WHAT NEEDS TO BE DONE -> Once the line containing "Definition step_letter (u" is found in the records below, return it and each following line exactly, up to and including the line containing "(* Orient every", and nothing else.

SOURCE MATERIAL ->
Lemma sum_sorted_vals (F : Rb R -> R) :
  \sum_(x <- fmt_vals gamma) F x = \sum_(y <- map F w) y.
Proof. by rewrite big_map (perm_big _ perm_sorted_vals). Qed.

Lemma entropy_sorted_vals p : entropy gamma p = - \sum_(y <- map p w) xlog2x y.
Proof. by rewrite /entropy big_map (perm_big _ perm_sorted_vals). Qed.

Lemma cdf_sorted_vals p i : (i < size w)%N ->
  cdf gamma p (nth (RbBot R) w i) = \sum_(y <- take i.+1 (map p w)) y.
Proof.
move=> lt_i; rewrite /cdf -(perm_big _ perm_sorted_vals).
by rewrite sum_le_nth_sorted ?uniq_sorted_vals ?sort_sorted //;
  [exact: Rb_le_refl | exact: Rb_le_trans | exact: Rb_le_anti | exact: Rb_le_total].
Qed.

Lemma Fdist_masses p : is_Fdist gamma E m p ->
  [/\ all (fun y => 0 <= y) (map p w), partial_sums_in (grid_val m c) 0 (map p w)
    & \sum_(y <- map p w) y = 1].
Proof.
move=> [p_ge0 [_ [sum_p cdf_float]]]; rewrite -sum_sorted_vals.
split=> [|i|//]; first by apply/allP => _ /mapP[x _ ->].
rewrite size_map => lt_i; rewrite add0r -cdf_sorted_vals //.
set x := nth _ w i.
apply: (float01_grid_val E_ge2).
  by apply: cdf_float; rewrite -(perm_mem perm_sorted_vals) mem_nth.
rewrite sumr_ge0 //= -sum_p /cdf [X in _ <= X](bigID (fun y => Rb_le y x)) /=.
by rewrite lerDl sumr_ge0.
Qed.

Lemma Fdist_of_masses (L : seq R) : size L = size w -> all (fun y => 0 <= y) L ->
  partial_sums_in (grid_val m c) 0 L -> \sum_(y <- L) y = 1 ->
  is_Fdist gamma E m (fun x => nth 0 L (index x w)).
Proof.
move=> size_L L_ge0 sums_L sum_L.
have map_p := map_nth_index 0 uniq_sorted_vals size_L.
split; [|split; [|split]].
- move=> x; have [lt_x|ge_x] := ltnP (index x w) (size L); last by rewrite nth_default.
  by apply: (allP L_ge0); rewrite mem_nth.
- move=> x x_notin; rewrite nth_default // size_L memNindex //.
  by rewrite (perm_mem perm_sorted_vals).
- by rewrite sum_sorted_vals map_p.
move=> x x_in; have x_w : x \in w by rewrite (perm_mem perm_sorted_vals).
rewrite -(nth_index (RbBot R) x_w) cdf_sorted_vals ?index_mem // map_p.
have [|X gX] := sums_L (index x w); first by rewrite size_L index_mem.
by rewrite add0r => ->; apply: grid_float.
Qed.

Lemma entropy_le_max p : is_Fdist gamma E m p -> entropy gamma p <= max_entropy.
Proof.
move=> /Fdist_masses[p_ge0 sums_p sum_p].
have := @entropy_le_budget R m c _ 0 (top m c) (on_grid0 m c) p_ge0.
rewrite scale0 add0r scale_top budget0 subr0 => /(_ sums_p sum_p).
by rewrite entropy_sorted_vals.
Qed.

---

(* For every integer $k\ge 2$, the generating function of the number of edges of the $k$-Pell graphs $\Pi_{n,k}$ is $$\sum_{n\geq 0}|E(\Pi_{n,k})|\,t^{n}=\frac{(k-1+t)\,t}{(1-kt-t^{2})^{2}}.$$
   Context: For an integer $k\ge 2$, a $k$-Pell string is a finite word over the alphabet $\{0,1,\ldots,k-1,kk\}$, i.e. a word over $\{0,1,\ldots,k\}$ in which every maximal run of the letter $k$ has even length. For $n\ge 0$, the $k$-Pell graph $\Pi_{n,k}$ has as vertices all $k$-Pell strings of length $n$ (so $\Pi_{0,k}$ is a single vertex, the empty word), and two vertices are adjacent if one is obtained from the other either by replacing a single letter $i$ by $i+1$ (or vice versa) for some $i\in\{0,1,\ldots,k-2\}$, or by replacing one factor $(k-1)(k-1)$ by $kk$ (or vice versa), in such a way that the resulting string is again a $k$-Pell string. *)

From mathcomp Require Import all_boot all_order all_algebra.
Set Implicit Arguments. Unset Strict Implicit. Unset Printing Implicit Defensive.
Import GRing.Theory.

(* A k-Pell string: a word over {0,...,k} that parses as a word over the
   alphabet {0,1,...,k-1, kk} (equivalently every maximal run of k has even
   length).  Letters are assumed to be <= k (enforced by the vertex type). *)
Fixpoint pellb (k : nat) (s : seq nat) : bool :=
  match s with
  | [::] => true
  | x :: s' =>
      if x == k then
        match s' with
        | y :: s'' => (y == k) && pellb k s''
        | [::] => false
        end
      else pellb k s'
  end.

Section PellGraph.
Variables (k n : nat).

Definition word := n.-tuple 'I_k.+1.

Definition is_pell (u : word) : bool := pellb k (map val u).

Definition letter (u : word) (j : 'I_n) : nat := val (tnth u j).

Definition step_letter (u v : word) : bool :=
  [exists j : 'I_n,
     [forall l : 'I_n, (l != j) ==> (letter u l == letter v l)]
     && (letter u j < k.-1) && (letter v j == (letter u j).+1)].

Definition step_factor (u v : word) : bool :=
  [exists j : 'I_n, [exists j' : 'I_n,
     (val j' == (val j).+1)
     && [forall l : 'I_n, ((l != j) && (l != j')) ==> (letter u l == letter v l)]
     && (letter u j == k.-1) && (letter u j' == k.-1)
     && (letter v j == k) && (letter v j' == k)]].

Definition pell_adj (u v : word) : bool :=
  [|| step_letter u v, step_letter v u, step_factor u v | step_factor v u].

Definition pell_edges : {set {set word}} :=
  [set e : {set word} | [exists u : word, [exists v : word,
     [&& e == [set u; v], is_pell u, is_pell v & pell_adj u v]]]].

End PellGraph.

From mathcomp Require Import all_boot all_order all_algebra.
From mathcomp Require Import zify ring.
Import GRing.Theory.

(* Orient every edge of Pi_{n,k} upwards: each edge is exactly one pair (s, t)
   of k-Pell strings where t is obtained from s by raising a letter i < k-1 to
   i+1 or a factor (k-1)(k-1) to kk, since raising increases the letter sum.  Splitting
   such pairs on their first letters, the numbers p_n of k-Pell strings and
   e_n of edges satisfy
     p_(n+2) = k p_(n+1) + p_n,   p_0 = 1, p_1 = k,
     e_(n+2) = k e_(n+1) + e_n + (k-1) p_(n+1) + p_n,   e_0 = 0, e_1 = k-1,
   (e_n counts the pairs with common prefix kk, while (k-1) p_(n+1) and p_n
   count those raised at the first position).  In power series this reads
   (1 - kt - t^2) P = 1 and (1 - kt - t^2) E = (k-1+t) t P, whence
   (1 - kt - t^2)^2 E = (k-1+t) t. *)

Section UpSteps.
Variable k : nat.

TASK RESPONSE ->
Definition step_letter (u v : word) : bool :=
  [exists j : 'I_n,
     [forall l : 'I_n, (l != j) ==> (letter u l == letter v l)]
     && (letter u j < k.-1) && (letter v j == (letter u j).+1)].

Definition step_factor (u v : word) : bool :=
  [exists j : 'I_n, [exists j' : 'I_n,
     (val j' == (val j).+1)
     && [forall l : 'I_n, ((l != j) && (l != j')) ==> (letter u l == letter v l)]
     && (letter u j == k.-1) && (letter u j' == k.-1)
     && (letter v j == k) && (letter v j' == k)]].

Definition pell_adj (u v : word) : bool :=
  [|| step_letter u v, step_letter v u, step_factor u v | step_factor v u].

Definition pell_edges : {set {set word}} :=
  [set e : {set word} | [exists u : word, [exists v : word,
     [&& e == [set u; v], is_pell u, is_pell v & pell_adj u v]]]].

End PellGraph.

From mathcomp Require Import all_boot all_order all_algebra.
From mathcomp Require Import zify ring.
Import GRing.Theory.

(* Orient every edge of Pi_{n,k} upwards: each edge is exactly one pair (s, t)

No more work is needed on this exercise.